EPS8L1 (EPS8-Like 1) is a protein-coding gene in humans. It is a member of the EPS8 protein family, which are known for their roles in signal transduction and regulation of the actin cytoskeleton. Specifically, EPS8L1 is involved in regulating cell morphology, cell migration, and receptor tyrosine kinase (RTK) signaling.
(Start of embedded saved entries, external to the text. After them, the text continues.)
Lemma D_plus_le x : 0 <= x -> 1 <= cutoff x - 2 / sigma ->
  D_plus Phi sigma x <= exp (- ((cutoff x - 2 / sigma) * (cutoff x - 2 / sigma)) / 2).
Proof.
  intros Hx Hw. unfold D_plus. rewrite G_plus_opp, G_minus_opp.
  pose proof (cutoff_ge x Hx). pose proof inv_sigma_pos.
  pose proof (Phi_opp_le_exp _ Hw) as Htail.
  pose proof (exp_neg_sq_le_1 (cutoff x - 2 / sigma)).
  eapply Rle_trans; [apply ln_ratio_le | exact Htail].
  - split; [left; apply Phi_pos | apply Phi_lt_1; lra].
  - split; [left; apply Phi_pos | lra].
Qed.

Local Notation ell := (ell_plus Phi sigma).

Lemma ell_plus_nonneg_le_succ n : 0 <= ell n <= ell (S n).
Proof.
  induction n as [| n IH]; simpl in *.
  - pose proof (D_plus_nonneg 0 (Rle_refl 0)). lra.
  - pose proof (D_plus_nonneg (ell n + D_plus Phi sigma (ell n)) ltac:(lra)). lra.
Qed.

Lemma cutoff_ell_plus_nonneg n : 0 <= cutoff (ell n).
Proof.
  pose proof (cutoff_ge _ (proj1 (ell_plus_nonneg_le_succ n))). pose proof inv_sigma_pos. lra.
Qed.

Lemma cutoff_ell_plus_succ n :
  cutoff (ell (S n)) = cutoff (ell n) + sigma / 2 * D_plus Phi sigma (ell n).
Proof. unfold cutoff. simpl. ring. Qed.

Lemma prob_all_plus_pos n : 0 < prob_all_plus Phi sigma n.
Proof.
  induction n as [| n IH]; simpl; [lra |].
  assert (0 < prob_plus_step Phi sigma n).
  { unfold prob_plus_step. rewrite G_plus_opp.
    pose proof (cutoff_ell_plus_nonneg n).
    pose proof (Phi_lt_1 (- cutoff (ell n)) ltac:(lra)). lra. }
  nra.
Qed.

Lemma cond_prob_first_minus_eq n : cond_prob_first_minus Phi sigma n = Phi (- cutoff (ell n)).
Proof.
  unfold cond_prob_first_minus, prob_plus_then_minus, prob_minus_step.
  rewrite G_plus_opp. pose proof (prob_all_plus_pos n). field. lra.
Qed.
(* There exists a semifilter $\mathcal{T}$ that is homeomorphic to $\mathbf{T}$, where $\mathbf{T}$ is the (unique up to homeomorphism) zero-dimensional space that is the union of a completely metrizable subspace and a countable subspace, is nowhere $\sigma$-compact, and is nowhere completely metrizable.
   Context: All spaces are separable metrizable. For a topological property $\mathcal{P}$, a space $X$ is nowhere $\mathcal{P}$ if $X$ is non-empty and no non-empty open subspace of $X$ has $\mathcal{P}$. It is known (van Douwen) that a zero-dimensional space with the three listed properties is unique up to homeomorphism; this space is denoted $\mathbf{T}$. A semifilter (on $\omega$) is a collection $\mathcal{S}\subseteq\mathcal{P}(\omega)$ such that $\varnothing\notin\mathcal{S}$, $\omega\in\mathcal{S}$, $\mathcal{S}$ is closed under finite modifications, and $\mathcal{S}$ is upward-closed; it is viewed as a subspace of $2^\omega$ via characteristic functions. *)

(* point-set topology of subspaces of the Cantor space 2^omega,
   developed concretely. Every space here is a subspace of 2^omega
   (hence separable metrizable). *)
From Stdlib Require Import Reals List.
Open Scope R_scope.

(* points of the Cantor space 2^omega = characteristic functions of subsets of omega *)
Definition pt := nat -> bool.
Definition subspace := pt -> Prop.

(* x and y agree on the first n coordinates (basic clopen nbhds of 2^omega) *)
Definition agree (x y : pt) (n : nat) : Prop := forall i, (i < n)%nat -> x i = y i.

Definition subset (A B : subspace) : Prop := forall x, A x -> B x.

Definition rel_open (X U : subspace) : Prop :=
  subset U X /\
  forall x, U x -> exists n, forall y, X y -> agree x y n -> U y.

Definition rel_closed (X U : subspace) : Prop :=
  subset U X /\ rel_open X (fun y => X y /\ ~ U y).

Definition rel_clopen (X U : subspace) : Prop := rel_open X U /\ rel_closed X U.

Definition zero_dimensional (X : subspace) : Prop :=
  forall U x, rel_open X U -> U x ->
    exists V, rel_clopen X V /\ V x /\ subset V U.

Definition nonempty (X : subspace) : Prop := exists x, X x.

Definition open_set (U : subspace) : Prop := rel_open (fun _ => True) U.

Definition compact (K : subspace) : Prop :=
  forall (I : Type) (U : I -> subspace),
    (forall i, open_set (U i)) ->
    (forall x, K x -> exists i, U i x) ->
    exists l : list I, forall x, K x -> exists i, In i l /\ U i x.

Definition sigma_compact (X : subspace) : Prop :=
  exists K : nat -> subspace,
    (forall n, compact (K n)) /\ (forall x, X x <-> exists n, K n x).

Definition countable (C : subspace) : Prop :=
  exists f : nat -> pt, forall x, C x -> exists n, f n = x.

Definition completely_metrizable (X : subspace) : Prop :=
  exists d : pt -> pt -> R,
    (forall x y, X x -> X y -> 0 <= d x y) /\
    (forall x y, X x -> X y -> (d x y = 0 <-> x = y)) /\
    (forall x y, X x -> X y -> d x y = d y x) /\
    (forall x y z, X x -> X y -> X z -> d x z <= d x y + d y z) /\
    (forall x, X x -> forall eps, 0 < eps ->
        exists n, forall y, X y -> agree x y n -> d x y < eps) /\
    (forall x, X x -> forall n,
        exists eps, 0 < eps /\ forall y, X y -> d x y < eps -> agree x y n) /\
    (forall s : nat -> pt, (forall k, X (s k)) ->
       (forall eps, 0 < eps -> exists N, forall m k, (m >= N)%nat -> (k >= N)%nat ->
            d (s m) (s k) < eps) ->
       exists l, X l /\ forall eps, 0 < eps -> exists N, forall k, (k >= N)%nat ->
            d (s k) l < eps).

Definition nowhere (P : subspace -> Prop) (X : subspace) : Prop :=
  nonempty X /\ forall U, rel_open X U -> nonempty U -> ~ P U.

(* The defining properties of van Douwen's space T (unique up to homeomorphism
   among zero-dimensional separable metrizable spaces) *)
Definition is_T (X : subspace) : Prop :=
  zero_dimensional X /\
  (exists G C, completely_metrizable G /\ countable C /\
     forall x, X x <-> (G x \/ C x)) /\
  nowhere sigma_compact X /\
  nowhere completely_metrizable X.

(* semifilter on omega, viewed as a subspace of 2^omega via characteristic functions *)
Definition semifilter (S : subspace) : Prop :=
  ~ S (fun _ => false) /\
  S (fun _ => true) /\
  (forall x y, S x -> (exists N, forall n, (n >= N)%nat -> x n = y n) -> S y) /\
  (forall x y, S x -> (forall n, x n = true -> y n = true) -> S y).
Gene and Protein Characteristics:

The EPS8L1 gene is located on chromosome 11q13.2. The protein encoded by this gene shares sequence similarity with EPS8 (epidermal growth factor receptor pathway substrate 8), a well-characterized adaptor protein involved in RTK signaling. The EPS8 protein family members contain an N-terminal phosphotyrosine-binding (PTB) domain, a central proline-rich region, and a C-terminal SH3 (Src Homology 3) domain-binding region. These domains mediate protein-protein interactions, allowing EPS8L1 to interact with various signaling molecules and cytoskeletal proteins.

Function and Role:

EPS8L1 functions as a scaffolding protein, bringing together different proteins to regulate cellular processes. Its interaction with RTKs, such as EGFR (epidermal growth factor receptor), allows it to modulate downstream signaling pathways, including the Ras/MAPK pathway. Through interactions with proteins involved in actin polymerization, EPS8L1 influences cell shape and motility. The protein is thought to play a role in processes such as wound healing and cancer metastasis.

Clinical Significance:

While the specific role of EPS8L1 in human diseases is still being investigated, dysregulation of its expression and/or function has been implicated in certain cancers. Further research is needed to fully elucidate the clinical significance of EPS8L1 and its potential as a therapeutic target.

References:

• (Specific scientific publications related to EPS8L1 would be listed here in a real encyclopedia entry.)